In first article I defined some base information and plans.
In this article we will try to understand first part of legal requirements for publishing app - cookies and personal data.
I'm not a lawyer, this article is my own grasp of which is needed. If you find any factical (or other) mistakes, please let me know in comments.
You can find info on many sites (such as here or here), but in general, these are the rules:
For most cookies uses, you need your users to opt-in - meaning give their consent to using cookies. It might be a checkbox in register form, or pop-up window they need to accept.
You also have to list what kinds of cookies you use, and enable users to disable those not critical for using the app (necessary and functional cookies).

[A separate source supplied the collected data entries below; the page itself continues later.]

Record FunData (C : Category) := {
  fo :> C -> C;
  fm : forall A B : C, Hom A B -> Hom (fo A) (fo B) }.
Arguments fm {C} f {A B} _.

Definition is_functor (C : Category) (F : FunData C) : Prop :=
  (forall A : C, fm F (idm A) = idm (F A)) /\
  (forall (A B D : C) (g : Hom B D) (f : Hom A B), fm F (g ∘ f) = fm F g ∘ fm F f).

Definition NatData (C : Category) (F G : FunData C) := forall X : C, Hom (F X) (G X).

Definition is_natural (C : Category) (F G : FunData C) (t : NatData F G) : Prop :=
  forall (A B : C) (f : Hom A B), t B ∘ fm F f = fm G f ∘ t A.

Record MonadData (C : Category) := {
  mF :> FunData C;
  munit : forall X : C, Hom X (mF X);
  mmult : forall X : C, Hom (mF (mF X)) (mF X) }.
Arguments munit {C} m X.
Arguments mmult {C} m X.

Definition is_monad (C : Category) (M : MonadData C) : Prop :=
  is_functor M /\
  (forall (A B : C) (f : Hom A B), munit M B ∘ f = fm M f ∘ munit M A) /\
  (forall (A B : C) (f : Hom A B), mmult M B ∘ fm M (fm M f) = fm M f ∘ mmult M A) /\
  (forall X : C, mmult M X ∘ munit M (M X) = idm (M X)) /\
  (forall X : C, mmult M X ∘ fm M (munit M X) = idm (M X)) /\
  (forall X : C, mmult M X ∘ mmult M (M X) = mmult M X ∘ fm M (mmult M X)).

Record ComonadData (C : Category) := {
  cF :> FunData C;
  counit : forall X : C, Hom (cF X) X;
  comult : forall X : C, Hom (cF X) (cF (cF X)) }.
Arguments counit {C} c X.
Arguments comult {C} c X.

Definition is_comonad (C : Category) (D : ComonadData C) : Prop :=
  is_functor D /\
  (forall (A B : C) (f : Hom A B), f ∘ counit D A = counit D B ∘ fm D f) /\
  (forall (A B : C) (f : Hom A B), comult D B ∘ fm D f = fm D (fm D f) ∘ comult D A) /\
  (forall X : C, counit D (D X) ∘ comult D X = idm (D X)) /\
  (forall X : C, fm D (counit D X) ∘ comult D X = idm (D X)) /\
  (forall X : C, comult D (D X) ∘ comult D X = fm D (comult D X) ∘ comult D X).

Definition is_monad_morphism (C : Category) (K K' : MonadData C)
    (tau : forall X : C, Hom (K X) (K' X)) : Prop :=
  (forall (A B : C) (f : Hom A B), tau B ∘ fm K f = fm K' f ∘ tau A) /\
  (forall X : C, tau X ∘ munit K X = munit K' X) /\
  (forall X : C, tau X ∘ mmult K X = mmult K' X ∘ tau (K' X) ∘ fm K (tau X)).

Definition is_monad_iso (C : Category) (K K' : MonadData C)
    (tau : forall X : C, Hom (K X) (K' X)) : Prop :=
  is_monad_morphism tau /\
  (forall X : C, exists j : Hom (K' X) (K X), j ∘ tau X = idm (K X) /\ tau X ∘ j = idm (K' X)).

Definition is_distr_law (C : Category) (K : MonadData C) (D : ComonadData C)
    (k : forall X : C, Hom (K (D X)) (D (K X))) : Prop :=
  (forall (A B : C) (f : Hom A B), k B ∘ fm K (fm D f) = fm D (fm K f) ∘ k A) /\
  (forall X : C, k X ∘ munit K (D X) = fm D (munit K X)) /\
  (forall X : C, k X ∘ mmult K (D X) = fm D (mmult K X) ∘ k (K X) ∘ fm K (k X)) /\
  (forall X : C, counit D (K X) ∘ k X = fm K (counit D X)) /\
  (forall X : C, comult D (K X) ∘ k X = fm D (k X) ∘ k (D X) ∘ fm K (comult D X)).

Also, users need to have the option to revoke their consent later, and it should be obvious to them how to do that.
My usage of cookies qualifies them as necessary cookies.

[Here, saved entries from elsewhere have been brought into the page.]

(* Let $U\subset\mathbb H$ be an axially symmetric open set with $U\cap\mathbb R=\emptyset$, and let $\tilde f$ be an axially harmonic function on $U$. Suppose that $\tilde f(q)=A(q_0,r)+\underline{\omega}\,B(q_0,r)$ for $q=q_0+r\underline{\omega}\in U$, $r>0$, $\underline{\omega}\in\mathbb S$, where $A,B$ are $\mathbb H$-valued functions of class $C^2$. Then $A$ and $B$ satisfy the system $$\partial_{q_0}^2A+\partial_r^2A+\frac{2}{r}\partial_rA=0,\qquad \partial_{q_0}^2B+\partial_r^2B+\frac{2r\,\partial_rB-2B}{r^2}=0 .$$
   Context: $\mathbb H$ denotes the quaternions $q=q_0+q_1e_1+q_2e_2+q_3e_3$ with $e_1^2=e_2^2=e_3^2=-1$, $e_1e_2=-e_2e_1=e_3$, $e_2e_3=-e_3e_2=e_1$, $e_3e_1=-e_1e_3=e_2$; $\underline q=q_1e_1+q_2e_2+q_3e_3$, $\mathbb S=\{\underline q: q_1^2+q_2^2+q_3^2=1\}$. A set $U\subset\mathbb H$ is axially symmetric if $u+Iv\in U$ implies $u+Jv\in U$ for all $J\in\mathbb S$. The Fueter operator is $\mathcal D=\partial_{q_0}+\sum_{i=1}^3e_i\partial_{q_i}$ and $\Delta=\sum_{i=0}^3\partial_{q_i}^2$. A function $\tilde f$ on an axially symmetric open set $U$ (not meeting $\mathbb R$) is called axially harmonic if $\tilde f=\mathcal D f$ where $f:U\to\mathbb H$ is of class $C^3$ of the form $f(u+Jv)=\alpha(u,v)+J\beta(u,v)$ ($J\in\mathbb S$, $v>0$) with $\alpha,\beta$ $\mathbb H$-valued, and $\Delta\tilde f=0$ on $U$. *)

(* Quaternions H are modelled as row vectors 'rV[R]_4
   (components q_0, q_1, q_2, q_3), with the quaternion product written out. *)
From HB Require Import structures.
From mathcomp Require Import all_boot all_order all_algebra.
From mathcomp Require Import all_classical all_reals all_analysis.
Set Implicit Arguments. Unset Strict Implicit. Unset Printing Implicit Defensive.
Import Order.TTheory GRing.Theory Num.Theory.
Import numFieldNormedType.Exports.
Local Open Scope classical_set_scope.
Local Open Scope ring_scope.

Section Quat.
Variable R : realType.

I don’t use any third-site services and cookies (such as Google Analytics).
My cookies are exemption from the consent requirement. I have to inform users about using cookies, but I don’t need their consent.
As I only need a simple banner informing users about using cookies, I can make some myself, or use some generator. I used this one.
General Data Protection Regulation (GDPR) is an EU-wide set of rules for managing personal data.
Here are some of the definitions we will need:
According to the Regulation of 679/2016n:
‘personal data’ means any information relating to an identified or identifiable natural person (‘data subject’); an identifiable natural person is one who can be identified, directly or indirectly, in particular by reference to an identifier such as a name, an identification number, location data, an online identifier or to one or more factors specific to the physical, physiological, genetic, mental, economic, cultural or social identity of that natural person;
‘processing’ means any operation or set of operations which is performed on personal data or on sets of personal data, whether or not by automated means, such as collection, recording, organisation, structuring, storage, adaptation or alteration, retrieval, consultation, use, disclosure by transmission, dissemination or otherwise making available, alignment or combination, restriction, erasure or destruction;
What personal data do I collect?
I collect data which identify person, like:
- name (first and last)
- email address (which classifies as online identifier)
- Google ID (if logged in via Google OAuth)
However, the definition of personal data from above says that any information relating to an identifiable person is personal data. Which means that any data that is connected to persons info (through foreign key etc) is personal data. For my app, it means everything user creates (e.g. recipes) or I collect about them (e.g. last login time)
I collect this data when users create them (account, recipes,..).
I collect some data about app usage (last login, login count, recipe page show count).
I don’t give the data to any other person or business.
So I will try to just pinpoint some main rules needed in my app:
Well, as users can see all their data in the app at the moment, it shouldn’t be a problem. However there are some information I keep that isn't shown on the user profile. For example - last login date, number of logins, how many times a certain page was seen,.. Those are information I use for improving usage of my app (having info about the number of active users) and for features like suggested recipes (based on most looked at).
If user requests this information, I am able to get them from database manually (GDPR states I have a month to fulfill this request, so it’s entirely possible), but in the case of more request I would probably add some automated way for users to get their data.
What does that mean?
According to article 18, I have to stop processing their data if they request it based on claim that:
- data is inaccurate || processing is unlawful || app doesn’t need the data
I don’t see that happening in my app, but still I need to give them info about how to request this.
Also according to how ‘processing restriction’ is defined, I need to be able to mark these data. I don’t do that now automatically, but if I receive such a request, I can implement this (by adding parameter or flag to user).
Important thing here is that any information I give users or publicly about data collection and processing must be easily accessible and easy to understand. Therefore it should be in languages my app is available in - currently only Czech, possibly in English in the future. That would mean adding all law documents in English as well.
Also important role - users can request deletion of their data if their personal data is no longer needed for the purpose for which it was originally collected.
In case of my app, it means mainly option to delete their account and all personal data associated with it.
One possible way is to implement this to user profile editing (as seen in many big apps). However, as my app is small and with little users, I am okay with just adding info that they can contact me with this request, as with the others.
According to this article I must ensure integrity and availability of data processing system. This is a bit hard to understand, but we will look more into this in section about security. One important part of this rule is that I have a responsibility to test and evaluate security of my app. It might mean doing a security audit, but it’s probably okay to just do my best to secure data and built secure app.